(* Localising the first [N] terms of [(F_i)] near [x] gives a functional whose image
   under [F] at [x] is [S := normsq (repr_seq F) N x], whence [S^2 <= K^2 (S + 1)]. *)
Lemma normsq_repr_le N x : normsq (repr_seq F) N x <= K ^+ 2 + 1.
Proof.
set s := normsq (repr_seq F) N x; have s0 : 0 <= s := normsq_ge0 _ _ _.
pose h := vhead N (repr_seq F).
have hc i : continuous (h i).
  rewrite /h /vmask; case: (i < N)%N; first exact: continuous_repr_seq.
  exact: cst_continuous.
have Vx : \forall y \near x, normsq (repr_seq F) N y < s + 1.
  by apply: cvgr_lt; [exact: continuous_normsq _ N continuous_repr_seq x | rewrite ltrDl].
have [a [_ ax had]] := bidual_localize _ _ _ _ hc Vx (addr_ge0 s0 ler01)
  (fun y Vy N' => le_trans (normsq_vhead_le _ _ _ _) (ltW Vy)).
have -> : Defs.dscale h a = vhead N (Defs.dscale h a).
  apply/funext => i; apply/funext => y; rewrite /vmask /Defs.dscale /h /vmask.
  by case: ifP; rewrite ?mul0r.
rewrite F_vhead -?[vhead N _]/(Defs.dscale h a) //.
have -> : \sum_(i < N) F (ehat i) x * Defs.dscale h a i x = s%:C.
  rewrite /s -sqsumE; apply: eq_bigr => i _.
  by rewrite /Defs.dscale /h /vmask ltn_ord ax mulr1 -repr_seqJ.
rewrite normc_real ger0_norm // => Ks; nra.
Qed.

Definition phi x : R := sup (range (fun N => normsq (repr_seq F) N x)).

Lemma normsq_repr_ubound x : has_ubound (range (fun N => normsq (repr_seq F) N x)).
Proof. by exists (K ^+ 2 + 1) => _ [N _ <-]; exact: normsq_repr_le. Qed.

Lemma normsq_repr_le_phi N x : normsq (repr_seq F) N x <= phi x.
Proof. by apply: ub_le_sup; [exact: normsq_repr_ubound | exists N]. Qed.

Lemma cvg_normsq_repr x : normsq (repr_seq F) ^~ x @ \oo --> phi x.
Proof.
apply: nondecreasing_cvgn; last exact: normsq_repr_ubound.
by move=> m n; exact: normsq_mono.
Qed.

Lemma PhiE : Phi F = fun x => (phi x)%:C.
Proof.
apply/funext => x; apply: cvg_lim => //.
have -> : sqsum (repr_seq F) ^~ x = real_complex R \o normsq (repr_seq F) ^~ x.
  by apply/funext => N; rewrite /= sqsumE.
apply: cvg_comp; [exact: cvg_normsq_repr | exact: continuous_real_complex].
Qed.

Lemma repr_tail_small_near x0 d : {for x0, continuous (Phi F)} -> 0 < d ->
  exists M, \forall y \near x0, forall N, (M <= N)%N ->
    \sum_(M <= i < N) normc (F (ehat i) y) ^+ 2 <= d.
Proof.
move=> Phic d0; have d30 : 0 < d / 3 by rewrite divr_gt0.
have /cvgrPdist_lt/(_ _ d30) phi_near : {for x0, continuous phi}.
  by move: Phic; rewrite PhiE; exact: cvg_real_complex.
move/cvgrPdist_lt: (cvg_normsq_repr x0) => /(_ _ d30) [M _ /(_ M (leqnn M)) /= phiM].
have /cvgrPdist_lt/(_ _ d30) normsqM_near :=
  continuous_normsq _ M continuous_repr_seq x0.
exists M; near=> y => N MN.
have -> : \sum_(M <= i < N) normc (F (ehat i) y) ^+ 2 =
    normsq (repr_seq F) N y - normsq (repr_seq F) M y.
  rewrite (normsq_split _ _ _ y MN) addrAC subrr add0r.
  by apply: eq_bigr => i _; rewrite -repr_seqJ normc_conj.
have := normsq_repr_le_phi N y.
have /ltr_normlP[] : `|phi x0 - phi y| < d / 3 by near: y.
have /ltr_normlP[] : `|normsq (repr_seq F) M x0 - normsq (repr_seq F) M y| < d / 3.
  by near: y.
move: phiM => /ltr_normlP[]; lra.
Unshelve. all: by end_near. Qed.

(* [y] almost maximises the partial sums of [f] over [W], so near [y] the tail of [f]
   beyond [N] has small squared norm, and [F_local_bound] applies. *)
Lemma bidual_tail_small f x W M e : in_dual f -> open_nbhs x W -> 0 < e ->
  exists y N, [/\ W y, (M <= N)%N & normc (F (vtail N f) y) <= e].
Proof.
move=> fd [oW Wx] e0; have [fc [B /normsq_leE fB]] := fd.
pose eta := e ^+ 2 / (K ^+ 2 + 1).
have K1 : 0 < K ^+ 2 + 1 by rewrite ltr_wpDl ?sqr_ge0.
have eta0 : 0 < eta by rewrite divr_gt0 ?exprn_gt0.
pose E := [set r | exists N y, W y /\ r = normsq f N y].
have Esup : has_sup E.
  by split; [exists (normsq f 0 x), 0%N, x | exists B => _ [N [y [_ ->]]]].
have [_ [N1 [y [Wy ->]]] ltN1] := sup_adherent eta0 Esup.
pose N := maxn N1 M.
have ltN : sup E - eta < normsq f N y.
  exact: lt_le_trans ltN1 (normsq_mono _ _ _ _ (leq_maxl _ _)).
exists y, N; split => //; first exact: leq_maxr.
rewrite -(ler_pXn2r (_ : 0 < 2)%N) ?nnegrE ?normc_ge0 ?(ltW e0) //.
have Keta : K ^+ 2 * eta <= e ^+ 2.
  by rewrite mulrA ler_pdivrMr // mulrDr mulr1 mulrC lerDl sqr_ge0.
apply: le_trans Keta; apply: (F_local_bound _ _
  (W `&` [set z | sup E - eta < normsq f N z]) _ (in_dual_mask _ _ fd) _ (ltW eta0)).
  apply: filterI; first exact: open_nbhs_nbhs.
  exact: cvgr_gt (continuous_normsq _ N fc y) _ ltN.
move=> z [Wz /= ltz] N'.
apply: le_trans (normsq_mono _ _ _ z (leq_maxl N' N)) _.
rewrite normsq_vtail ?leq_maxr //.
have : normsq f (maxn N' N) z <= sup E.
  by apply: (sup_upper_bound Esup); exists (maxn N' N), z.
lra.
Qed.

Lemma continuous_F_head f M : in_dual f ->
  continuous (fun y => \sum_(i < M) F (ehat i) y * f i y).
Proof.
move=> [fc _]; apply: (@continuous_big _ _ +%R 0 xpredT add_continuous) => i _ y.
exact: cvgM (F_continuous _ (in_dual_hat_e i) y) (fc i y).
Qed.

Lemma F_block_small f B y M N e : (forall N x, normsq f N x <= B) -> 0 <= B ->
  0 < e -> (M <= N)%N ->
  \sum_(M <= i < N) normc (F (ehat i) y) ^+ 2 <= e ^+ 2 / (B + 1) ->
  normc (\sum_(M <= i < N) F (ehat i) y * f i y) <= e.
Proof.
move=> fB B0 e0 MN Fsmall; apply: normc_sum_mul_small e0 B0 Fsmall _.
by apply: le_trans (fB N y); rewrite (normsq_split _ _ _ y MN) lerDr normsq_ge0.
Qed.

Lemma bidual_series_est x0 f e : {for x0, continuous (Phi F)} -> in_dual f -> 0 < e ->
  exists M, forall N, (M <= N)%N ->
    normc (F f x0 - \sum_(i < N) F (ehat i) x0 * f i x0) <= e.
Proof.
move=> Phic fd e0; have [_ [B /normsq_leE fB]] := fd.
have B0 : 0 <= B := le_trans (normsq_ge0 f 0 x0) (fB 0%N x0).
pose e5 := e / 5; have e50 : 0 < e5 by rewrite divr_gt0.
have [M Mnear] := repr_tail_small_near x0 (e5 ^+ 2 / (B + 1)) Phic
  (divr_gt0 (exprn_gt0 2 e50) (ltr_wpDl B0 ltr01)).
pose H y := \sum_(i < M) F (ehat i) y * f i y.
have : \forall y \near x0, [/\ forall N, (M <= N)%N ->
    \sum_(M <= i < N) normc (F (ehat i) y) ^+ 2 <= e5 ^+ 2 / (B + 1),
    normc (F f x0 - F f y) < e5 & normc (H x0 - H y) < e5].
  near=> y; split; near: y; first exact: Mnear.
    exact: cvg_normc_lt (F_continuous _ fd x0) e50.
  exact: cvg_normc_lt (continuous_F_head f M fd x0) e50.
rewrite /prop_near1 nbhsE => -[W Wx0 WP].
have mid_small y N : W y -> (M <= N)%N ->
    normc (\sum_(M <= i < N) F (ehat i) y * f i y) <= e5.
  move=> Wy MN; have [Fsmall _ _] := WP y Wy.
  exact: F_block_small fB B0 e50 MN (Fsmall N MN).
have [y [N0 [Wy MN0 tail_small]]] := bidual_tail_small f x0 W M e5 fd Wx0 e50.
have [_ Fxy Hxy] := WP y Wy.
have Fy : F f y = H y + \sum_(M <= i < N0) F (ehat i) y * f i y + F (vtail N0 f) y.
  by rewrite (F_vsplit f N0 y fd) (sum_ord_split _ (fun i => F (ehat i) y * f i y) _ _ MN0).
exists M => N MN.
rewrite (sum_ord_split _ (fun i => F (ehat i) x0 * f i x0) _ _ MN) -/(H x0).
have -> : F f x0 - (H x0 + \sum_(M <= i < N) F (ehat i) x0 * f i x0) =
    F f x0 - F f y + (H y - H x0) + \sum_(M <= i < N0) F (ehat i) y * f i y +
    F (vtail N0 f) y - \sum_(M <= i < N) F (ehat i) x0 * f i x0.
  by rewrite Fy; ring.
have -> : e = e5 + e5 + e5 + e5 + e5 by rewrite /e5; field.
apply: le_trans (le_normcD _ _) _; apply: lerD; last first.
  by rewrite normcN; apply: mid_small; first exact: Wx0.2.
apply: le_trans (le_normcD _ _) _; apply: lerD; last exact: tail_small.
apply: le_trans (le_normcD _ _) _; apply: lerD; last exact: mid_small.
apply: le_trans (le_normcD _ _) _; apply: lerD; apply: ltW => //.
by rewrite -normcN opprB.
Unshelve. all: by end_near. Qed.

== == ==

**PROBLEM REQUIREMENTS:**
Which lines in the records above contain the word "forall"? Copy each one.

**WRITTEN REPLY:**
have Vx : \forall y \near x, normsq (repr_seq F) N y < s + 1.
  exists M, \forall y \near x0, forall N, (M <= N)%N ->
Lemma F_block_small f B y M N e : (forall N x, normsq f N x <= B) -> 0 <= B ->
  exists M, forall N, (M <= N)%N ->
have : \forall y \near x0, [/\ forall N, (M <= N)%N ->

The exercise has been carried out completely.